Skip to content

BigDataBoutique/elastician

Repository files navigation

Elastician

A set of tools to easily develop and manage Elasticsearch and the Elastic Stack

Build or get from Docker Hub

Get from Docker Hub:

docker pull bigdataboutique/elastician

Build locally:

docker build .

Commands

Dump an index to a file

docker run  --net=host -v `pwd`:/data --rm bigdataboutique/elastician dump myindex --hosts http://10.63.246.27:9200

Upload file and ingest it into an index

docker run  --net=host -v `pwd`:/data --rm bigdataboutique/elastician ingest myindex_dump.jsonl.gz myindex --hosts http://10.63.246.27:9200

Both dump and ingest now have additional parameters to allow accessing ES using a certificate. Make sure the certificate file has the appropriate file permissions.

--crtfile - name of the certificate file. Notice that unless you specify a folder this should sit in the working directory of the container, which is /data .

--verify-cert/--no-verify-cert - Whether you're using a signed cert and want to verify it. By default false.

Copy index between clusters

docker run  --net=host --rm bigdataboutique/elastician copy source_index_name --target http://target-cluster:9200 --source http://10.63.246.27:9200

Perform a set of instructions on clusters (e.g. to copy indices between clusters)

docker run  --net=host -v `pwd`:/instructions --rm bigdataboutique/elastician copy-cluster /instructions/source.csv /instructions/target.csv  --target http://target-cluster:9200 --source http://10.63.246.27:9200

First file name is csv with rows in the following structure:

instruction,index_name,to_del

where instruction is either copy, dump, delete, to_del is X if the index in the source is to be deleted following the action

For ingest the format is:

ingest,file_name,index_name

Other parameters for copy-cluster:

--abort-on-failure: stops the default is true

--dump-timeout - default is u'1m'

--delete-timeout - default is 60

--error-on-timeout: whether the delete function should return an error on timeout

--preserve-index/--no-preserve-index - whether the index saved in the dumps should be used during ingest

Dump also has a read-timeout parameter which determines request timeout (as opposed to scroll timeout).

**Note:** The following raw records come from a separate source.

Lemma clim_sym_prod_Psi_row_shift (w : C) (c e : int) :
  clim (sym_prod (Psi_row (w + (c%:~R + e%:~R * omega d) / D%:R))) =
  automorphy_factor w e * clim (sym_prod (Psi_row w)).
Proof.
have row_const_ge0 : 0 <= row_const w by rewrite !mulr_ge0 ?expR_ge0.
have := shift_prod_cvgc (Psi_row w) (row_const w) qd row_const_ge0 qd_ge0 qd_lt1 (Psi_row_near1 w) e.
move=> /(cvgcMl (automorphy_factor w e)) /(cvgc_eventually_eq (absz e)) shiftP.
by apply/cvgc_clim/shiftP => N; exact: sym_prod_Psi_row_shift.
Qed.

Lemma Ok_basis_omega (zeta : C) :
  (forall x, in_Ok d x <-> exists a b : int, x = a%:~R + b%:~R * zeta) ->
  complex.Im zeta = complex.Re `|delta d| / 2 ->
  exists a : int, zeta = a%:~R + omega d.
Proof.
move=> basis Im_zeta.
have [a [b zetaE]] : in_Ok d zeta by apply/basis; exists 0, 1; rewrite add0r mul1r.
suff b1 : b = 1 by exists a; rewrite zetaE b1 mul1r.
move: Im_zeta; rewrite zetaE intr_omegaE normc_def deltaE /= expr0n add0r.
rewrite sqrtr_sqr ger0_norm ?(ltW sqrtd_gt0) // -{2}[sqrtd / 2]mul1r => /mulIf.
have s_neq0 : sqrtd / 2 != 0 by rewrite mulf_neq0 ?invr_eq0 ?pnatr_eq0 // gt_eqF ?sqrtd_gt0.
by move=> /(_ s_neq0) /(@intr_inj R b 1).
Qed.

Lemma automorphy_factorE (w : C) (e a : int) :
  automorphy_factor w e =
  ee (- 2 * D%:R * w * (e%:~R / 2) - 2 * (e%:~R / 2) ^+ 2 * (a%:~R + omega d)
      + e%:~R / 2 * (a%:~R + omega d + 1)).
Proof.
have [k ek] := intr_binom2 C e.
rewrite /automorphy_factor -[LHS](ee_addz _ (- (a * k))) intrN intrM -ek; congr ee.
by field.
Qed.

End LocalBorcherdsProduct.

Section HermitianForm.
Context {R : realType}.
Variables (m : nat) (H : 'M[R[i]]_m).
Local Notation C := R[i].
Implicit Types (x y v : 'rV[C]_m).

Lemma hermDl x y v : herm H (x + y) v = herm H x v + herm H y v.
Proof. by rewrite /herm !mulmxDl mxE. Qed.

Lemma hermBl x y v : herm H (x - y) v = herm H x v - herm H y v.
Proof. by rewrite /herm !mulmxBl !mxE. Qed.

Lemma hermZl (c : C) x v : herm H (c *: x) v = c * herm H x v.
Proof. by rewrite /herm -!scalemxAl mxE. Qed.

Lemma herm_conj x y : H^T = map_mx conjc H -> herm H y x = conjc (herm H x y).
Proof.
move=> HH; rewrite /herm.
set M := x *m H *m _; have -> : conjc (M 0 0) = map_mx conjc M 0 0 by rewrite [RHS]mxE.
rewrite /M !map_mxM -map_trmx -HH.
have -> : map_mx conjc (map_mx conjc y) = y by apply/matrixP => i j; rewrite !mxE conjcK.
have tr00 (A : 'M[C]_1) : A 0 0 = A^T 0 0 by rewrite mxE.
by rewrite [RHS]tr00 !trmx_mul !trmxK mulmxA.
Qed.

Lemma herm_heis0_l (l t v lam : 'rV[C]_m) : herm H l lam = 0 ->
  herm H (heis0 H l t v) lam = herm H v lam + herm H v l * herm H t lam.
Proof. by move=> l_lam; rewrite /heis0 !hermBl hermDl !hermZl l_lam !mulr0 !subr0. Qed.

Lemma herm_zpt_l (d : int) (l l' sig : 'rV[C]_m) (tau : C) :
  H^T = map_mx conjc H -> herm H l l = 0 -> herm H sig l = 0 ->
  herm H (zpt d H l l' tau sig) l = conjc (herm H l l').
Proof.
move=> HH ll sig_l.
by rewrite /zpt hermDl hermBl hermZl ll mulr0 subr0 sig_l addr0 herm_conj.
Qed.

End HermitianForm.
Lemma strict_lyapunov_le_sqr (K c gm dl r z u w : R) :
  0 < K -> 0 < c -> 0 < gm -> 0 <= dl <= 1 / 2 -> Rabs z <= r ->
  let M := exp r / c in
  lyapunov K c gm dl z u w
    <= (2 * K * M + M ^ 2 + 2 + gm) * ((c * (exp z - 1)) ^ 2 + u ^ 2 + w ^ 2).
Proof.
  intros HK Hc Hgm Hdl Hz M; unfold lyapunov.
  assert (HM : 0 < M) by (apply Rdiv_lt_0_compat; [apply exp_pos | exact Hc]).
  pose proof (mul_scaled_expm1_le_of_abs_le z r c Hc Hz) as Hzg; fold M in Hzg.
  assert (c * exp_gap z <= z * (c * (exp z - 1))) by (pose proof (exp_gap_le_mul_expm1 z); nra).
  set (g2 := (c * (exp z - 1)) ^ 2) in *.
  assert (Hgap : 2 * K * c * exp_gap z <= 2 * K * M * g2).
  { replace (2 * K * c * exp_gap z) with (2 * K * (c * exp_gap z)) by ring.
    replace (2 * K * M * g2) with (2 * K * (M * g2)) by ring.
    apply Rmult_le_compat_l; lra. }
  assert (Hzz : z ^ 2 <= M ^ 2 * g2).
  { replace (M ^ 2 * g2) with (exp r ^ 2 * (exp z - 1) ^ 2) by (unfold M, g2; field; lra).
    exact (sqr_le_of_abs_le z r Hz). }
  assert (dl * (u * z) <= (u ^ 2 + M ^ 2 * g2) / 4).
  { pose proof (pow2_ge_0 (u - z)); pose proof (pow2_ge_0 z); pose proof (pow2_ge_0 u).
    destruct (Rle_dec 0 (u * z)).
    - assert (dl * (u * z) <= 1 / 2 * (u * z)) by (apply Rmult_le_compat_r; lra); nra.
    - assert (dl * (u * z) <= 0) by nra; nra. }
  assert (0 <= K * M) by nra.
  pose proof (pow2_ge_0 M); pose proof (pow2_ge_0 u); pose proof (pow2_ge_0 w).
  assert (0 <= g2) by apply pow2_ge_0.
  nra.
Qed.

Lemma perturbed_dissipation_le (K M q eps dl Qf g z u w : R) :
  0 < K -> 0 <= dl -> dl * (K * M + 1) <= eps -> dl * (1 + q ^ 2) <= eps ->
  eps * (g ^ 2 + w ^ 2) <= Qf -> z * g <= M * g ^ 2 ->
  -2 * Qf + dl * (K * g * z - u * g - u ^ 2 + q * u * w) <= - (dl / 2) * (g ^ 2 + u ^ 2 + w ^ 2).
Proof.
  intros HK Hdl HdlM Hdlq HQ Hzg.
  (* Young: [- u g <= u^2/4 + g^2] and [q u w <= u^2/4 + q^2 w^2]. *)
  assert (Hug : dl * (- (u * g)) <= dl * (u ^ 2 / 4 + g ^ 2))
    by (apply Rmult_le_compat_l; [| pose proof (pow2_ge_0 (u / 2 + g))]; nra).
  assert (Huw : dl * (q * u * w) <= dl * (u ^ 2 / 4 + q ^ 2 * w ^ 2))
    by (apply Rmult_le_compat_l; [| pose proof (pow2_ge_0 (u / 2 - q * w))]; nra).
  assert (Hgz : dl * (K * g * z) <= dl * (K * M * g ^ 2))
    by (apply Rmult_le_compat_l; nra).
  assert (dl * (K * M + 1) * g ^ 2 <= eps * g ^ 2)
    by (apply Rmult_le_compat_r; [apply pow2_ge_0 | lra]).
  assert (dl * (1 + q ^ 2) * w ^ 2 <= eps * w ^ 2)
    by (apply Rmult_le_compat_r; [apply pow2_ge_0 | lra]).
  assert (0 <= dl * w ^ 2) by (apply Rmult_le_pos; [lra | apply pow2_ge_0]).
  assert (0 <= dl * g ^ 2) by (apply Rmult_le_pos; [lra | apply pow2_ge_0]).
  assert (dl * g ^ 2 <= eps * g ^ 2)
    by (apply Rmult_le_compat_r; [apply pow2_ge_0 | pose proof (pow2_ge_0 q); nra]).
  nra.
Qed.

(** * Calculus along trajectories *)

Section FilterlimArith.
Context {T : Type} {F : (T -> Prop) -> Prop} {FF : Filter F}.

Lemma filterlim_Rplus_comp (f g : T -> R) (a b : R) :
  filterlim f F (locally a) -> filterlim g F (locally b) ->
  filterlim (fun x => f x + g x) F (locally (a + b)).
Proof.
  intros Hf Hg; exact (filterlim_comp_2 f g Rplus Hf Hg (@filterlim_plus _ R_NormedModule a b)).
Qed.

Lemma filterlim_Rminus_comp (f g : T -> R) (a b : R) :
  filterlim f F (locally a) -> filterlim g F (locally b) ->
  filterlim (fun x => f x - g x) F (locally (a - b)).
Proof.
  intros Hf Hg; apply (filterlim_Rplus_comp f (fun x => - g x) a (- b) Hf).
  exact (filterlim_comp _ _ _ _ _ _ _ _ Hg (@filterlim_opp _ R_NormedModule b)).
Qed.

Lemma filterlim_Rmult_comp (f g : T -> R) (a b : R) :
  filterlim f F (locally a) -> filterlim g F (locally b) ->
  filterlim (fun x => f x * g x) F (locally (a * b)).
Proof. intros Hf Hg; exact (filterlim_comp_2 f g Rmult Hf Hg (filterlim_mult a b)). Qed.

Lemma filterlim_exp_comp (f : T -> R) (a : R) :
  filterlim f F (locally a) -> filterlim (fun x => exp (f x)) F (locally (exp a)).
Proof.
  intros Hf; apply (filterlim_comp _ _ _ _ _ _ _ _ Hf).
  apply continuity_pt_filterlim, derivable_continuous_pt, derivable_pt_exp.
Qed.

End FilterlimArith.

Copy and copy-cluster also have certificate parameters, that work similarly to those above:

--crtfile-target

--verify-cert-target/--no-verify-cert

--crtfile-source

--verify-cert-source/--no-verify-cert-source

Ingest and copy cluster have an ingest-timeout parameter. Default is 10, bump it up when you're getting timeouts while ingesting.

Dump's --sliced parameter allows dumping using a sliced scroll. Not yet added into copy cluster.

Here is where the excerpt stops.